Paranormal Hypothesis
#3: Morphic Resonance
The
hypothesis of morphic resonance has been advanced by the biologist
Rupert Sheldrake. Although he doesn't call it a claim about the
paranormal, it postulates something so strange that it can be called
paranormal. Sheldrake's web site describes the theory like this:
Morphic
resonance is a process whereby self-organising systems inherit a
memory from previous similar systems. In its most general
formulation, morphic resonance means that the so-called laws of
nature are more like habits. The hypothesis of morphic resonance also
leads to a radically new interpretation of memory storage in the
brain and of biological inheritance. Memory need not be stored in
material traces inside brains, which are more like TV receivers than
video recorders, tuning into influences from the past. And biological
inheritance need not all be coded in the genes, or in epigenetic
modifications of the genes; much of it depends on morphic resonance
from previous members of the species. Thus each individual inherits a
collective memory from past members of the species, and also
contributes to the collective memory, affecting other members of the
species in the future.
We
can roughly think of the idea of morphic resonance like this: there
is kind of a global or cosmic information field, which gets added to
whenever any natural thing has an experience; and natural things can
draw from this information field in a way that makes easier that
which might otherwise be very hard. Under such a theory, for
example, the first time a spider made a spider web it might have been very,
very hard; but all subsequent attempts might be easier; and the more
spider webs that had been made, the easier it might be. In this
document, Sheldrake claims to have various forms of evidence in
support of the theory of morphic resonance.
If
such a theory is true, it might help explain the acquisition of
language by a very small child. Under the morphic resonance idea, such a thing
might be easy because it has been done so many times before by
previous children. As Sheldrake says on page 30 of this document:
According
to the hypothesis of morphic resonance, that which has been learned
by many people in the past should be easier for people to learn
today.
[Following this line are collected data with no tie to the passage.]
(* Let $(X,d)$ be a compact metric space and $f_{1,\infty}=\{f_n\}_{n\ge1}$ a commutative sequence of continuous self-maps of $X$. The following are equivalent: (1) $(X,f_{1,\infty})$ is weakly mixing; (2) $(\mathcal{M}(X),\widetilde{f}_{1,\infty})$ is weakly mixing; (3) $(\mathcal{M}(X),\widetilde{f}_{1,\infty})$ is topologically transitive.
   Context: The family is commutative if $f_i\circ f_j=f_j\circ f_i$ for all $i,j$. Write $f_1^n=f_n\circ\cdots\circ f_1$. $\mathcal{M}(X)$ is the space of Borel probability measures on $X$ with the weak$^*$ topology, and $\widetilde{f}_1^n(\mu)(A)=\mu((f_1^n)^{-1}(A))$ for Borel $A$. A non-autonomous system $(Y,g_{1,\infty})$ is topologically transitive if for all non-empty open $U,V$ there is $n\in\mathbb{N}$ with $g_1^n(U)\cap V\ne\emptyset$, and weakly mixing if for all non-empty open $U_1,U_2,V_1,V_2$ there is $n\in\mathbb{N}$ with $g_1^n(U_i)\cap V_i\ne\emptyset$ for $i=1,2$. *)

From Stdlib Require Import Reals Lra Lia List.
Open Scope R_scope.

Section MetricDefs.
Variable X : Type.
Variable d : X -> X -> R.

Definition is_metric : Prop :=
  (forall x y, 0 <= d x y) /\
  (forall x y, d x y = 0 <-> x = y) /\
  (forall x y, d x y = d y x) /\
  (forall x y z, d x z <= d x y + d y z).

Definition mopen (U : X -> Prop) : Prop :=
  forall x, U x -> exists eps, 0 < eps /\ forall y, d x y < eps -> U y.

Definition mcompact : Prop :=
  forall (I : Type) (U : I -> X -> Prop),
    (forall i, mopen (U i)) -> (forall x, exists i, U i x) ->
    exists l : list I, forall x, exists i, In i l /\ U i x.

Definition mcontinuous (f : X -> X) : Prop :=
  forall x eps, 0 < eps -> exists delta, 0 < delta /\
    forall y, d x y < delta -> d (f x) (f y) < eps.

Definition rcontinuous (g : X -> R) : Prop :=
  forall x eps, 0 < eps -> exists delta, 0 < delta /\
    forall y, d x y < delta -> Rabs (g x - g y) < eps.

Inductive borel : (X -> Prop) -> Prop :=
| borel_open : forall U, mopen U -> borel U
| borel_compl : forall A, borel A -> borel (fun x => ~ A x)
| borel_union : forall A : nat -> X -> Prop,
    (forall n, borel (A n)) -> borel (fun x => exists n, A n x).

(** Borel probability measures (a set function; its values on non-Borel
    sets are irrelevant) *)
Definition is_prob (mu : (X -> Prop) -> R) : Prop :=
  (forall A, borel A -> 0 <= mu A) /\
  mu (fun _ => True) = 1 /\
  (forall A : nat -> X -> Prop,
     (forall n, borel (A n)) ->
     (forall m n x, m <> n -> A m x -> A n x -> False) ->
     infinite_sum (fun n => mu (A n)) (mu (fun x => exists n, A n x))).

Fixpoint finsum (n : nat) (h : nat -> R) : R :=
  match n with O => 0 | S k => finsum k h + h k end.

Definition lower_sum (mu : (X -> Prop) -> R) (g : X -> R) (r : R) : Prop :=
  exists (n : nat) (a : nat -> R) (A : nat -> X -> Prop),
    (forall i, (i < n)%nat -> borel (A i)) /\
    (forall i j x, (i < n)%nat -> (j < n)%nat -> i <> j -> A i x -> A j x -> False) /\
    (forall x, exists i, (i < n)%nat /\ A i x) /\
    (forall i x, (i < n)%nat -> A i x -> a i <= g x) /\
    r = finsum n (fun i => a i * mu (A i)).

(** I is the integral of the (bounded, Borel) function g against mu *)
Definition integral (mu : (X -> Prop) -> R) (g : X -> R) (I : R) : Prop :=
  is_lub (lower_sum mu g) I.

(** open sets of the weak* topology on M(X) *)
Definition weak_open (U : ((X -> Prop) -> R) -> Prop) : Prop :=
  (forall mu, U mu -> is_prob mu) /\
  forall mu, U mu -> exists eps, 0 < eps /\
    exists (k : nat) (gs : nat -> X -> R),
      (forall i, (i < k)%nat -> rcontinuous (gs i)) /\
      forall nu, is_prob nu ->
        (forall i, (i < k)%nat -> forall Inu Imu,
            integral nu (gs i) Inu -> integral mu (gs i) Imu ->
            Rabs (Inu - Imu) < eps) ->
        U nu.

End MetricDefs.

Definition push {X : Type} (f : X -> X) (mu : (X -> Prop) -> R) : (X -> Prop) -> R :=
  fun A => mu (fun x => A (f x)).

(** non-autonomous compositions: g_1^n = g_n o ... o g_1 (g_0 unused) *)
Fixpoint comp {T : Type} (g : nat -> T -> T) (n : nat) : T -> T :=
  match n with
  | O => fun x => x
  | S k => fun x => g (S k) (comp g k x)
  end.

Definition top_transitive {T : Type} (isopen : (T -> Prop) -> Prop)
  (g : nat -> T -> T) : Prop :=
  forall U V, isopen U -> isopen V -> (exists x, U x) -> (exists y, V y) ->
    exists n, (1 <= n)%nat /\ exists x, U x /\ V (comp g n x).

Definition weak_mixing {T : Type} (isopen : (T -> Prop) -> Prop)
  (g : nat -> T -> T) : Prop :=
  forall U1 U2 V1 V2, isopen U1 -> isopen U2 -> isopen V1 -> isopen V2 ->
    (exists x, U1 x) -> (exists x, U2 x) -> (exists y, V1 y) -> (exists y, V2 y) ->
    exists n, (1 <= n)%nat /\
      (exists x, U1 x /\ V1 (comp g n x)) /\
      (exists x, U2 x /\ V2 (comp g n x)).

From Pilot Require Import Defs.
From Stdlib Require Import Reals Lra Lia List ClassicalEpsilon Classical FunctionalExtensionality PropExtensionality.
Open Scope R_scope.

(* (2) => (3) holds in any space. For (1) => (2): on a compact space, a weak*
   neighbourhood of a measure contains every atomic measure obtained by slightly moving
   and splitting the atoms of a fixed atomic approximation, since the finitely many
   test functions are uniformly continuous. Weak mixing of commuting maps yields one
   time n at which finitely many pairs of balls are all connected, and spreading the
   weights over points travelling from the j-th ball to the l-th ball gives a measure
   in U whose image lies in V, for both pairs at once. For (3) => (1): transitivity
   from a neighbourhood of delta_a to one of (delta_b + delta_c)/2, tested against tent
   functions, makes f_1^n(A) meet both B and C; applying this twice and commuting the
   maps gives weak mixing. *)

Lemma finsum_ext n h1 h2 :
  (forall i, (i < n)%nat -> h1 i = h2 i) -> finsum n h1 = finsum n h2.
Proof.
  induction n; simpl; intros H; auto.
  rewrite IHn by (intros; apply H; lia). rewrite H by lia. reflexivity.
Qed.
(* Greedy k-canonical representation of rem: list of pairs (a_j, j), j
   decreasing from k, stopping as soon as the remainder is 0. *)
Fixpoint greedy (k rem : nat) : seq (nat * nat) :=
  match k with
  | 0 => [::]
  | k'.+1 =>
      if rem == 0 then [::]
      else let a := maxbinom k rem in
           (a, k) :: greedy k' (rem - 'C(a, k))
  end.

Definition canon (r x : nat) : seq (nat * nat) := greedy r x.

Definition canon_shift (r s x : nat) : nat :=
  \sum_(p <- canon r x) 'C(p.1, p.2 + (s - r)).

(* Upper bound: the shadow of the s-cliques consists of (s-1)-cliques, so Kruskal-Katona,
   iterated down to level r, shows that a graph with more than 'C(n, s) + 'C(m, s - 1),
   hence at least 'C(n, s) + 'C(m, s - 1) + 'C(s - 2, s - 2), s-cliques has at least
   'C(n, r) + 'C(m, r - 1) + 'C(s - 2, r - 2) > x r-cliques, because t < s - 2.
   Kruskal-Katona is Frankl's argument: shift the family towards a vertex v, so that the
   shadow of the sets avoiding v lies in the link of v, and induct on the ground set.
   Lower bound: K_n plus a vertex joined to m of its vertices.  For y between
   'C(n, r) + 'C(m, r - 1) and x, the tail of [y]^r after 'C(n, r) + 'C(m, r - 1) is below
   'C(t + 1, r - 2), and t < s - 2 makes all its terms vanish at level s. *)

From mathcomp Require Import all_boot zify.
Set Implicit Arguments. Unset Strict Implicit. Unset Printing Implicit Defensive.
Lemma flow_ext_derivable (t : R) :
  0 < t < T ->
  derivable_pt_lim (even_ext x1) t (-2 * r1 d (x1 t) (x2 t) (x3 t) * x1 t) /\
  derivable_pt_lim (even_ext x2) t (-2 * r2 d (x1 t) (x2 t) (x3 t) * x2 t) /\
  derivable_pt_lim (even_ext x3) t (-2 * r3 d (x1 t) (x2 t) (x3 t) * x3 t).
Proof.
  intros ht; destruct flow as (_ & _ & hder & _).
  destruct (hder t ht) as (h1 & h2 & h3).
  repeat split; apply even_ext_derivable; auto; lra.
Qed.

Lemma flow_ext_continuous (t : R) :
  0 <= t < T ->
  continuity_pt (even_ext x1) t /\ continuity_pt (even_ext x2) t /\
  continuity_pt (even_ext x3) t.
Proof.
  intros ht; destruct flow as (_ & _ & hder & hlim1 & hlim2 & hlim3).
  repeat split; (eapply even_ext_continuous; [| eassumption | exact ht]);
    intros s hs; apply hder, hs.
Qed.

Lemma flow_ext_positive (t : R) :
  0 <= t < T -> 0 < even_ext x1 t /\ 0 < even_ext x2 t /\ 0 < even_ext x3 t.
Proof.
  intros ht; rewrite !even_ext_nonneg by lra; apply flow_positive, ht.
Qed.

Lemma flow_preserves_equal_fibres :
  x1 0 = x2 0 -> forall t, 0 <= t < T -> x1 t = x2 t.
Proof.
  intros h12 t ht.
  set (y1 := even_ext x1); set (y2 := even_ext x2); set (y3 := even_ext x3).
  assert (hzero : y1 t - y2 t = 0).
  { apply (linear_ode_zero_iff (fun s => y1 s - y2 s)
      (fun s => d * (y3 s * y3 s - (y1 s + y2 s) * (y1 s + y2 s))
                  * / (y1 s * y2 s * y3 s)) 0 t); try lra.
    - intros s hs; destruct (flow_ext_continuous s) as (c1 & c2 & _); [lra|].
      solve_continuity.
    - intros s hs; destruct (flow_ext_continuous s) as (c1 & c2 & c3); [lra|].
      destruct (flow_ext_positive s) as (p1 & p2 & p3); [lra|].
      solve_continuity; apply Rgt_not_eq, Rmult_lt_0_compat;
        [apply Rmult_lt_0_compat|]; assumption.
    - intros s hs; cbv beta.
      destruct (flow_ext_derivable s) as (h1 & h2 & _); [lra|].
      destruct (flow_positive s) as (p1 & p2 & p3); [lra|].
      unfold y1, y2, y3; rewrite !(even_ext_nonneg _ s) by lra.
      rewrite <- ricci_flow_difference_12 by lra.
      apply (derivable_pt_lim_minus (even_ext x1) (even_ext x2)); assumption.
    - unfold y1, y2; rewrite !even_ext_nonneg by lra; lra. }
  unfold y1, y2 in hzero; rewrite !even_ext_nonneg in hzero by lra; lra.
Qed.

Lemma flow_preserves_ratio_bound :
  0 < d -> (forall t, 0 <= t < T -> x1 t = x2 t) ->
  x3 0 < 4 * (d - 1) / d * x1 0 ->
  forall t, 0 <= t < T -> x3 t < 4 * (d - 1) / d * x1 t.
Proof.
  intros hd heq hinit t ht.
  set (a := 4 * (d - 1) / d).
  set (y1 := even_ext x1); set (y3 := even_ext x3).
  assert (hgap : 0 < a * y1 t - y3 t).
  { apply (linear_ode_positive (fun s => a * y1 s - y3 s)
      (fun s => - (d * y3 s + 8 * (d - 1) * y1 s) * / (y1 s * y1 s)) 0 t);
      try lra.
    - intros s hs; destruct (flow_ext_continuous s) as (c1 & _ & c3); [lra|].
      solve_continuity.
    - intros s hs; destruct (flow_ext_continuous s) as (c1 & _ & c3); [lra|].
      destruct (flow_ext_positive s) as (p1 & _ & _); [lra|].
      solve_continuity; apply Rgt_not_eq, Rmult_lt_0_compat; assumption.
    - intros s hs; cbv beta.
      destruct (flow_ext_derivable s) as (h1 & _ & h3); [lra|].
      destruct (flow_positive s) as (p1 & _ & p3); [lra|].
      rewrite <- (heq s) in h1, h3 by lra.
      unfold y1, y3; rewrite !(even_ext_nonneg _ s) by lra.
      unfold a; rewrite <- ricci_flow_ratio_gap by lra.
      apply (derivable_pt_lim_minus (fun u => a * even_ext x1 u) (even_ext x3));
        [apply (derivable_pt_lim_scal (even_ext x1)) |]; assumption.
    - unfold a, y1, y3; rewrite !even_ext_nonneg by lra; lra. }
  unfold y1, y3 in hgap; rewrite !even_ext_nonneg in hgap by lra; lra.
Qed.

End RicciFlowSolution.

Theorem mainTheorem6 (d T : R) (x1 x2 x3 : R -> R) :
  admissible_d d ->
  ricci_flow_solution d T x1 x2 x3 ->
  x1 0 = x2 0 ->
  pos_sec_curv_x1_eq_x2 (x1 0) (x3 0) ->
  forall t, 0 <= t < T ->
    x3 t / x1 t < 4 * (d - 1) / d /\ ricci_pos_def d (x1 t) (x2 t) (x3 t).
Proof.
  intros hd flow h12 hsec t ht.
  assert (hd1 : 1 <= d) by (destruct hd as [-> | [-> | ->]]; lra).
  destruct (flow_positive d T x1 x2 x3 flow 0) as (p1 & _ & _);
    [destruct flow; lra|].
  destruct (flow_positive d T x1 x2 x3 flow t ht) as (q1 & _ & q3).
  pose proof (flow_preserves_equal_fibres d T x1 x2 x3 flow h12) as heq.
  assert (hratio : x3 t < 4 * (d - 1) / d * x1 t).
  { apply (flow_preserves_ratio_bound d T x1 x2 x3 flow); auto; [lra|].
    apply positive_curvature_ratio_bound; assumption. }
  rewrite <- (heq t ht); split.
  - apply (Rmult_lt_reg_r (x1 t)); [lra|].
    replace (x3 t / x1 t * x1 t) with (x3 t) by (field; lra); exact hratio.
  - apply ricci_pos_of_ratio_bound; assumption.
Qed.
(* The chord from -1 to k lies above the tangent: (k+1) g'(k+1) <= g(k). *)
Lemma concave_tangent (k : nat) :
  (INR k + 1) * (g (Z.of_nat k + 1) - g (Z.of_nat k)) <= g (Z.of_nat k).
Proof.
  induction k.
  - pose proof (g_concave 0 ltac:(lia)). simpl in *. rewrite g_at_m1 in *. lra.
  - rewrite Nat2Z.inj_succ. unfold Z.succ.
    pose proof (g_concave (Z.of_nat k + 1) ltac:(lia)).
    replace (Z.of_nat k + 1 - 1)%Z with (Z.of_nat k) in H by lia.
    rewrite S_INR. pose proof (pos_INR k). nra.
Qed.

Lemma concave_ratio_step z : (0 <= z)%Z -> g (z + 1) * (IZR z + 1) <= g z * (IZR z + 2).
Proof.
  intros Hz. replace z with (Z.of_nat (Z.to_nat z)) by lia.
  pose proof (concave_tangent (Z.to_nat z)). rewrite <- INR_IZR_INZ. nra.
Qed.

Lemma concave_ratio w z : (0 <= w <= z)%Z -> g z * (IZR w + 1) <= g w * (IZR z + 1).
Proof.
  intros H. replace z with (w + Z.of_nat (Z.to_nat (z - w)))%Z by lia.
  induction (Z.to_nat (z - w)) as [| k IH].
  - rewrite Z.add_0_r. lra.
  - rewrite Nat2Z.inj_succ. replace (w + Z.succ (Z.of_nat k))%Z with (w + Z.of_nat k + 1)%Z by lia.
    pose proof (concave_ratio_step (w + Z.of_nat k) ltac:(lia)).
    assert (0 <= IZR w) by (apply IZR_le; lia).
    assert (0 <= IZR (w + Z.of_nat k)) by (apply IZR_le; lia).
    pose proof (g_nonneg w). pose proof (g_nonneg (w + Z.of_nat k + 1)).
    rewrite plus_IZR.
    set (a := g (w + Z.of_nat k + 1)) in *. set (b := g (w + Z.of_nat k)) in *.
    set (c := IZR (w + Z.of_nat k)) in *.
    apply (Rmult_le_reg_r (c + 1)); [lra |]. nra.
Qed.

End ConcaveRatio.

Lemma npaths_ratio M w z : (0 <= w <= z)%Z ->
  npaths M z * (IZR w + 1) <= npaths M w * (IZR z + 1).
Proof.
  apply concave_ratio.
  - apply npaths_nonneg.
  - apply npaths_neg; lia.
  - intros y Hy. pose proof (npaths_concave M y Hy). unfold npaths_incr in H.
    replace (y + 1 - 1)%Z with y in H by lia. lra.
Qed.

(** * Hoeffding's bound for the free walk *)

Lemma exp_le_compat x y : x <= y -> exp x <= exp y.
Proof. intros [H | H]; [left; apply exp_increasing; auto | subst; lra]. Qed.

Lemma exp_pow x n : exp x ^ n = exp (INR n * x).
Proof.
  induction n; [simpl; rewrite Rmult_0_l, exp_0; lra |].
  rewrite S_INR. simpl. rewrite IHn, <- exp_plus. f_equal. lra.
Qed.

Lemma Sum_exp L c : Sum L (fun r => exp (c * IZR (psum r))) = (exp c + exp (- c)) ^ L.
Proof.
  induction L.
  - rewrite Sum_0. simpl. rewrite Rmult_0_r, exp_0. reflexivity.
  - rewrite Sum_S.
    rewrite Sum_ext with (G := fun s => (exp c + exp (- c)) * exp (c * IZR (psum s))).
    + rewrite Sum_scal, IHL. reflexivity.
    + intros s _. rewrite !psum_cons, !plus_IZR, !Rmult_plus_distr_l, !exp_plus.
      replace (c * IZR 1) with c by (simpl; ring).
      replace (c * IZR (-1)) with (- c) by (simpl; ring). ring.
Qed.

Lemma chernoff_mgf L a l : 0 <= l ->
  Sum L (fun r => ind_le a (IZR (psum r))) <= exp (- (l * a)) * (exp l + exp (- l)) ^ L.
Proof.
  intros Hl. rewrite <- Sum_exp, <- Sum_scal. apply Sum_le. intros r _.
  rewrite <- exp_plus. unfold ind_le. destruct Rle_dec.
  - rewrite <- exp_0. apply exp_le_compat. nra.
  - left. apply exp_pos.
Qed.

Lemma exp_mul_one_minus l : 0 <= l < 1 -> exp l * (1 - l) <= 1.
Proof.
  intros H. pose proof (exp_ineq1_le (- l)) as E. rewrite exp_Ropp in E.
  pose proof (exp_pos l). apply (Rmult_le_reg_r (/ exp l)); [apply Rinv_0_lt_compat; lra |].
  rewrite Rmult_comm, <- Rmult_assoc, Rinv_l by lra. lra.
Qed.

Lemma cosh_bound l : 0 <= l -> l * l <= 1 / 2 -> exp l + exp (- l) <= 2 * exp (2 * (l * l)).
Proof.
  intros H0 H1. assert (Hl1 : l < 1) by nra.
  pose proof (exp_mul_one_minus l ltac:(lra)) as E1.
  pose proof (exp_ineq1_le l) as E2. rewrite exp_Ropp.
  pose proof (exp_pos l) as E3.
  pose proof (exp_ineq1_le (2 * (l * l))) as E4.
  set (e := exp l) in *. set (g := exp (2 * (l * l))) in *.
  assert (Hinv : / e * (1 + l) <= 1).
  { apply (Rmult_le_reg_l e); [lra |]. rewrite <- Rmult_assoc, Rinv_r by lra. lra. }
  assert (Hi : / e > 0) by (apply Rinv_0_lt_compat; lra).
  set (ie := / e) in *.
  (* multiply through by 1 - l^2 and compare term by term *)
  assert (Ha : e * (1 - l * l) <= 1 + l).
  { replace (e * (1 - l * l)) with ((e * (1 - l)) * (1 + l)) by ring.
    apply Rmult_le_compat_r with (r := 1 + l) in E1; lra. }
  assert (Hb : ie * (1 - l * l) <= 1 - l).
  { replace (ie * (1 - l * l)) with ((ie * (1 + l)) * (1 - l)) by ring.
    apply Rmult_le_compat_r with (r := 1 - l) in Hinv; lra. }
  assert (Hc : 1 <= g * (1 - l * l)).
  { assert ((1 + 2 * (l * l)) * (1 - l * l) <= g * (1 - l * l)) by (apply Rmult_le_compat_r; lra).
    assert (1 <= (1 + 2 * (l * l)) * (1 - l * l)) by nra. lra. }
  apply (Rmult_le_reg_r (1 - l * l)); lra.
Qed.

Lemma hoeffding_up L a : (1 <= L)%nat -> 0 < a ->
  Sum L (fun r => ind_le a (IZR (psum r))) <= 2 ^ L * exp (- (a * a) / (8 * INR L)).
Proof.
  intros HL Ha. assert (HL' : 1 <= INR L) by (apply (le_INR 1); lia).
  pose proof (pow_lt 2 L ltac:(lra)). pose proof (exp_pos (- (a * a) / (8 * INR L))).
  destruct (Rle_dec a (INR L)) as [Hal | Hal].
  - set (l := a / (4 * INR L)).
    assert (Hl0 : 0 <= l) by (unfold l; apply Rmult_le_pos; [lra | left; apply Rinv_0_lt_compat; lra]).
    assert (Hl1 : l <= 1 / 4).
    { unfold l. apply (Rmult_le_reg_r (4 * INR L)); [lra |].
      unfold Rdiv. rewrite Rmult_assoc, Rinv_l by lra. lra. }
    eapply Rle_trans; [apply (chernoff_mgf L a l Hl0) |].
    assert (Hcosh : (exp l + exp (- l)) ^ L <= (2 * exp (2 * (l * l))) ^ L).
    { apply pow_incr. split; [pose proof (exp_pos l); pose proof (exp_pos (- l)); lra |].
      apply cosh_bound; nra. }
    rewrite Rpow_mult_distr, exp_pow in Hcosh.
    pose proof (exp_pos (- (l * a))).
    eapply Rle_trans; [apply Rmult_le_compat_l; [lra | exact Hcosh] |].
    rewrite <- Rmult_assoc, (Rmult_comm (exp _)), Rmult_assoc, <- exp_plus.
    apply Rmult_le_compat_l; [lra |].
    replace (- (l * a) + INR L * (2 * (l * l))) with (- (a * a) / (8 * INR L)); [lra |].
    unfold l. field. lra.
  - (* a > L cannot be reached in L steps *)
    eapply Rle_trans with (Sum L (fun _ => 0)).
    + apply Sum_le. intros r Hr. apply psum_bound in Hr. unfold ind_le.
      destruct Rle_dec as [Hr' |]; [| lra]. exfalso. apply Hal.
      eapply Rle_trans; [exact Hr' |]. rewrite INR_IZR_INZ. apply IZR_le. lia.
    + rewrite Sum_const. nra.
Qed.

Lemma hoeffding_down L b : (1 <= L)%nat -> 0 < b ->
  Sum L (fun r => ind_le (IZR (psum r)) (- b)) <= 2 ^ L * exp (- (b * b) / (8 * INR L)).
Proof.
  intros HL Hb. rewrite <- Sum_flip.
  eapply Rle_trans; [| apply (hoeffding_up L b HL Hb)].
  right. apply Sum_ext. intros r _. rewrite psum_opp, opp_IZR. unfold ind_le.
  destruct Rle_dec; destruct Rle_dec; auto; lra.
Qed.

(** * Downward deviations under the conditioning (Harris' inequality) *)

Definition coord_incr (F : list Z -> R) : Prop :=
  forall s s', Forall2 Z.le s s' -> F s <= F s'.

Lemma Forall2_le_refl s : Forall2 Z.le s s.
Proof. induction s; constructor; auto; lia. Qed.

Lemma harris n : forall F G, coord_incr F -> coord_incr (fun s => - G s) ->
  2 ^ n * Sum n (fun s => F s * G s) <= Sum n F * Sum n G.
Proof.
  induction n; intros F G HF HG.
  - rewrite !Sum_0. simpl. lra.
  - rewrite !Sum_S, !Sum_plus.
    assert (Hcons : forall H a, coord_incr H -> coord_incr (fun s => H (a :: s))).
    { intros H a HH s s' Hs. apply HH. constructor; auto; lia. }
    pose proof (IHn _ _ (Hcons F 1%Z HF) (Hcons _ 1%Z HG)) as Hup.
    pose proof (IHn _ _ (Hcons F (-1)%Z HF) (Hcons _ (-1)%Z HG)) as Hdown.
    simpl in Hup, Hdown.
    assert (Sum n (fun s => F ((-1)%Z :: s)) <= Sum n (fun s => F (1%Z :: s))).
    { apply Sum_le. intros s _. apply HF. constructor; [lia | apply Forall2_le_refl]. }
    assert (Sum n (fun s => G (1%Z :: s)) <= Sum n (fun s => G ((-1)%Z :: s))).
    { apply Sum_le. intros s _.
      assert (- G ((-1)%Z :: s) <= - G (1%Z :: s)); [| lra].
      apply HG. constructor; [lia | apply Forall2_le_refl]. }
    set (a1 := Sum n (fun s => F (1%Z :: s))) in *.
    set (a0 := Sum n (fun s => F ((-1)%Z :: s))) in *.
    set (b1 := Sum n (fun s => G (1%Z :: s))) in *.
    set (b0 := Sum n (fun s => G ((-1)%Z :: s))) in *.
    simpl pow. nra.
Qed.

Lemma psum_firstn_mono s s' i : Forall2 Z.le s s' -> (psum (firstn i s) <= psum (firstn i s'))%Z.
Proof.
  intros H. revert i. induction H; intros i; destruct i; simpl; try lia.
  specialize (IHForall2 i). lia.
Qed.

Lemma nonneg_path_incr y N : coord_incr (fun s => ind (nonneg_path y N s)).
Proof.
  intros s s' H. unfold ind.
  destruct (nonneg_path y N s) eqn:E1; destruct (nonneg_path y N s') eqn:E2; try lra.
  exfalso. rewrite nonneg_path_spec in E1.
  assert (nonneg_path y N s' = true); [| congruence].
  rewrite nonneg_path_spec. intros i Hi. specialize (E1 i Hi).
  unfold pos in *. fold (psum (firstn i s)) (psum (firstn i s')) in *.
  pose proof (psum_firstn_mono s s' i H). lia.
Qed.

Lemma cond_drop_bound y N L b : (1 <= L <= N)%nat -> 0 < b ->
  Wsum y N (fun q => ind_le (IZR (psum (firstn L q))) (- b))
  <= exp (- (b * b) / (8 * INR L)) * Wsum y N (fun _ => 1).
Proof.
  intros HL Hb. unfold Wsum.
  assert (Hdec : coord_incr (fun s => - ind_le (IZR (psum (firstn L s))) (- b))).
  { intros s s' H. pose proof (psum_firstn_mono s s' L H) as Hm. apply IZR_le in Hm.
    unfold ind_le. destruct Rle_dec; destruct Rle_dec; lra. }
  pose proof (harris N _ _ (nonneg_path_incr y N) Hdec) as Hh.
  (* the drop only depends on the first L steps: Hoeffding applies *)
  assert (Hfree : Sum N (fun q => ind_le (IZR (psum (firstn L q))) (- b))
                  <= 2 ^ N * exp (- (b * b) / (8 * INR L))).
  { replace N with (L + (N - L))%nat by lia. rewrite Sum_split.
    rewrite (Sum_ext L _ (fun p => 2 ^ (N - L) * ind_le (IZR (psum p)) (- b))).
    - rewrite Sum_scal, pow_add.
      replace (2 ^ L * 2 ^ (N - L) * exp (- (b * b) / (8 * INR L)))
        with (2 ^ (N - L) * (2 ^ L * exp (- (b * b) / (8 * INR L)))) by ring.
      apply Rmult_le_compat_l; [left; apply pow_lt; lra |].
      apply hoeffding_down; [lia | lra].
    - intros p Hp. destruct (in_all_steps _ _ Hp) as [Hl _].
      rewrite <- Sum_const. apply Sum_ext. intros q _. rewrite <- Hl, firstn_app_length.
      reflexivity. }
  rewrite (Sum_ext N (fun q => ind (nonneg_path y N q) * 1) (fun q => ind (nonneg_path y N q)))
    by (intros; lra).
  assert (H0 : 0 <= Sum N (fun s => ind (nonneg_path y N s)))
    by (apply Sum_nonneg; intros; unfold ind; destruct nonneg_path; lra).
  pose proof (pow_lt 2 N ltac:(lra)).
  apply (Rmult_le_reg_l (2 ^ N)); [lra |].
  eapply Rle_trans; [exact Hh |].
  rewrite Rmult_comm, <- Rmult_assoc. apply Rmult_le_compat_r; [exact H0 |].
  rewrite Rmult_comm, (Rmult_comm (exp _)). exact Hfree.
Qed.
Everyone draws upon and in turn contributes to a collective
human memory.
Paranormal Hypothesis
#4: External Endowments
The
hypothesis of external endowments is the idea that there is some external non-human information facility that gives humans skills that they would not otherwise have. Such a hypothesis may come to mind after you study the history of savants, many of whom have astonishing skills that seem impossible to explain through normal means, often combined with severe mental handicaps. An example of a savant is
the late Kim Peek,
who could accurately recall the details of 10,000 books he had read,
despite having an IQ of only 87. Other examples are Tony DeBlois,
who can play 8000 songs from memory, and Derek Paravicini who can
play a piece after hearing it only once, despite having a severe learning disability.
In the case of savants, it is as if some external agent gave some special endowment to partially make up for the mental handicap. Such a hypothesis may be broadened to cover the case of language acquisition. It may be that every time a small child learns a language, there is assistance from some mysterious external information facility.